_HOW TO COMPLETE THIS TASK_
The span to repeat in the listing below runs from the line containing "Definition rcGAN_value (d" to the line containing "(rcGAN_value T mu", inclusive. Repeat it exactly, and only it.
◆ ◆ ◆
(* Let $G$ be a $\sigma$-compact locally compact Abelian group, $C>0$, and $\{P_\varepsilon\}_{0<\varepsilon<C}$ a family of subsets of $G$ satisfying: (A1) $0\in P_\varepsilon=-P_\varepsilon$ for all $0<\varepsilon<C$; (A2) each $P_\varepsilon$ is locally finite; (A3) $P_\varepsilon+P_{\varepsilon'}\subset P_{\varepsilon+\varepsilon'}$ whenever $\varepsilon+\varepsilon'<C$; (A4) each $P_\varepsilon$ is relatively dense. Then for every $0<\varepsilon<C$ the set $P_\varepsilon+\bigcap_{0<\varepsilon'<C}P_{\varepsilon'}$ is a model set. In particular, if $\bigcap_{0<\varepsilon'<C}P_{\varepsilon'}=\{0\}$, then every $P_\varepsilon$, $0<\varepsilon<C$, is a model set.
   Context: Locally finite: finite intersection with every compact set. Relatively dense: $A+K=G$ for some compact $K$. A cut and project scheme $(G\times H,\widetilde L)$: $H$ a locally compact Abelian group, $\widetilde L\subset G\times H$ a lattice (discrete, cocompact subgroup) such that $\pi_1|_{\widetilde L}$ is injective and $\pi_2(\widetilde L)$ is dense in $H$; for $x\in\pi_1(\widetilde L)$, $x^\star:=\pi_2((\pi_1|_{\widetilde L})^{-1}(x))$. For $W\subset H$, $\Lambda(W):=\{x\in\pi_1(\widetilde L): x^\star\in W\}$. A model set is a set of the form $\Lambda(W)$ for some cut and project scheme and some precompact $W\subset H$ with nonempty interior. *)

From Stdlib Require Import Reals List.
Open Scope R_scope.
(* Let $\mathcal{X} \subseteq \mathbb{R}^d$ and $\mathcal{Y} = \{1,\dots,c\}$. Let $\hat{p}^r(\bm{x},\hat{y})$ be a (real) joint distribution of data and clean labels, and let the observed noisy labels arise by class-dependent corruption independent of $\bm{x}$: with transition matrix $T=(T_{i,j}) \in [0,1]^{c\times c}$, $T_{i,j} = p(\tilde{y}=j \mid \hat{y}=i)$, the real noisy joint distribution is $\tilde{p}^r(\bm{x},\tilde{y}) = \sum_{\hat{y}} T_{\hat{y},\tilde{y}}\, \hat{p}^r(\bm{x},\hat{y})$. Let $G$ be a conditional generator mapping $(\bm{z},\hat{y}^g)$, with $\bm{z}\sim p(\bm{z})$ and $\hat{y}^g \sim p(\hat{y})$, to $G(\bm{z},\hat{y}^g)$; let $\hat{p}^g(\bm{x},\hat{y})$ be the joint distribution of $(G(\bm{z},\hat{y}^g),\hat{y}^g)$, and let $\tilde{p}^g(\bm{x},\tilde{y}) = \sum_{\hat{y}} T_{\hat{y},\tilde{y}}\, \hat{p}^g(\bm{x},\hat{y})$ be the joint distribution of $(G(\bm{z},\hat{y}^g),\tilde{y}^g)$ where $\tilde{y}^g \sim p(\tilde{y}\mid \hat{y}^g)$. Consider the objective $$\mathcal{L}_{\mathrm{rcGAN}}(G,D) = \mathbb{E}_{(\bm{x}^r,\tilde{y}^r)\sim \tilde{p}^r}[\log D(\bm{x}^r,\tilde{y}^r)] + \mathbb{E}_{\bm{z}\sim p(\bm{z}),\,\hat{y}^g\sim p(\hat{y}),\,\tilde{y}^g\sim p(\tilde{y}\mid\hat{y}^g)}[\log(1 - D(G(\bm{z},\hat{y}^g),\tilde{y}^g))],$$ where the discriminator $D:\mathcal{X}\times\mathcal{Y}\to(0,1)$ maximizes and the generator $G$ minimizes, and call $G$ optimal if it attains the global minimum over generators of $\max_D \mathcal{L}_{\mathrm{rcGAN}}(G,D)$. If $T$ is nonsingular, then $G$ is optimal if and only if $\hat{p}^g(\bm{x},\hat{y}) = \hat{p}^r(\bm{x},\hat{y})$.
   Context: This is the setting of a label-noise robust conditional GAN (rcGAN): only noisy labels $\tilde{y}$ are observed for real data, the clean label $\hat{y}$ is unobserved, and the generator is conditioned on a clean label $\hat{y}^g$ which is passed through the known noise transition model $p(\tilde{y}\mid\hat{y})$ before being given to the discriminator. Optimality is understood in the sense of the original GAN analysis (optimal discriminator for fixed generator, then minimization over generators). *)

From HB Require Import structures.
From mathcomp Require Import all_boot all_order all_algebra.
From mathcomp Require Import all_classical all_reals all_analysis.
Set Implicit Arguments. Unset Strict Implicit. Unset Printing Implicit Defensive.
Import Order.TTheory GRing.Theory Num.Theory.
Local Open Scope classical_set_scope.
Local Open Scope ring_scope.

(* Labels Y = {1,...,c} are represented by 'I_c.
   A joint distribution p(x, y) on X x Y is represented by the family of
   (sub-probability) measures (A |-> P(x \in A, y = i))_i. *)

Definition transition_matrix (R : realType) (c : nat) (T : 'M[R]_c) : Prop :=
  (forall i j, 0 <= T i j <= 1) /\ (forall i, \sum_(j < c) T i j = 1).

Definition discriminator (d : measure_display) (X : measurableType d)
  (R : realType) (c : nat) (D : X -> 'I_c -> R) : Prop :=
  (forall j, measurable_fun setT (fun x => D x j)) /\
  (forall x j, 0 < D x j < 1).

Definition label_prior (d : measure_display) (X : measurableType d)
  (R : realType) (c : nat) (mu : 'I_c -> {measure set X -> \bar R}) (i : 'I_c) : R :=
  fine (mu i setT).

(* The generator is identified (nonparametrically) with the
   conditional laws g i of G(z, i), z ~ p(z). *)
Definition rcGAN_obj (d : measure_display) (X : measurableType d)
  (R : realType) (c : nat) (T : 'M[R]_c)
  (mu nu : 'I_c -> {measure set X -> \bar R})
  (g : 'I_c -> probability X R) (D : X -> 'I_c -> R) : \bar R :=
  ((\sum_(j < c) \int[nu j]_x (ln (D x j))%:E) +
   (\sum_(i < c) \sum_(j < c)
       ((label_prior mu i * T i j)%:E * \int[g i]_x (ln (1 - D x j))%:E)))%E.

Definition rcGAN_value (d : measure_display) (X : measurableType d)
  (R : realType) (c : nat) (T : 'M[R]_c)
  (mu nu : 'I_c -> {measure set X -> \bar R})
  (g : 'I_c -> probability X R) : \bar R :=
  ereal_sup [set rcGAN_obj T mu nu g D | D in [set D | discriminator D]].

Definition optimal_generator (d : measure_display) (X : measurableType d)
  (R : realType) (c : nat) (T : 'M[R]_c)
  (mu nu : 'I_c -> {measure set X -> \bar R})
  (g : 'I_c -> probability X R) : Prop :=
  forall g' : 'I_c -> probability X R,
    (rcGAN_value T mu nu g <= rcGAN_value T mu nu g')%E.

From HB Require Import structures.
From mathcomp Require Import all_boot all_order all_algebra.
From mathcomp Require Import all_classical all_reals all_analysis.
From mathcomp Require Import measurable_realfun lebesgue_integral_nonneg.
From mathcomp Require Import ring lra.
Set Implicit Arguments. Unset Strict Implicit. Unset Printing Implicit Defensive.
Import Order.TTheory GRing.Theory Num.Theory.
Local Open Scope classical_set_scope.
Local Open Scope ring_scope.

(* Rather than computing the optimal discriminator, compare max_D L(G, D) with
   2 ln(1/2) directly.  With the noisy generated law
   q^g_j := sum_i p(i) T_ij G_i, the objective is
   sum_j (int ln D_j d(p~^r_j) + int ln (1 - D_j) d(q^g_j)).
   - The constant discriminator 1/2 gives 2 ln(1/2) for every G.
   - If q^g = p~^r, the pointwise bound ln D + ln (1 - D) <= 2 ln(1/2) caps the
     value at 2 ln(1/2); normalising each class of the clean joint p^r yields
     such a G.
   - If q^g_j(A) <> p~^r_j(A), the discriminator equal to (1 + t)/2 on A x {j}
     and 1/2 elsewhere exceeds 2 ln(1/2), because a ln(1 + t) + b ln(1 - t) > 0
     for a suitable t whenever a <> b.
   As T is invertible, q^g = p~^r on A forces p(i) G_i(A) = p^r_i(A). *)

Section integral_facts.
Local Open Scope ereal_scope.
Context d (X : measurableType d) (R : realType).
Implicit Types (m : {measure set X -> \bar R}) (f h : X -> \bar R).

Lemma fin_num_measure_setT m A : measurable A -> m setT \is a fin_num ->
  m A \is a fin_num.
Proof.
move=> mA; rewrite !ge0_fin_numE//; apply: le_lt_trans.
by rewrite le_measure ?inE.
Qed.

Lemma fine_measure_add_setC m A : measurable A -> m setT \is a fin_num ->
  (fine (m A) + fine (m (~` A)) = fine (m setT))%R.
Proof.
move=> mA mT; have mAC := measurableC mA.
rewrite -(setUv A) measureU ?setICr// fineD//.
- exact: fin_num_measure_setT.
- exact: fin_num_measure_setT.
Qed.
◆ ◆ ◆
_ANSWER SPACE_
Definition rcGAN_value (d : measure_display) (X : measurableType d)
  (R : realType) (c : nat) (T : 'M[R]_c)
  (mu nu : 'I_c -> {measure set X -> \bar R})
  (g : 'I_c -> probability X R) : \bar R :=
  ereal_sup [set rcGAN_obj T mu nu g D | D in [set D | discriminator D]].

Definition optimal_generator (d : measure_display) (X : measurableType d)
  (R : realType) (c : nat) (T : 'M[R]_c)
  (mu nu : 'I_c -> {measure set X -> \bar R})
  (g : 'I_c -> probability X R) : Prop :=
  forall g' : 'I_c -> probability X R,
    (rcGAN_value T mu nu g <= rcGAN_value T mu nu g')%E.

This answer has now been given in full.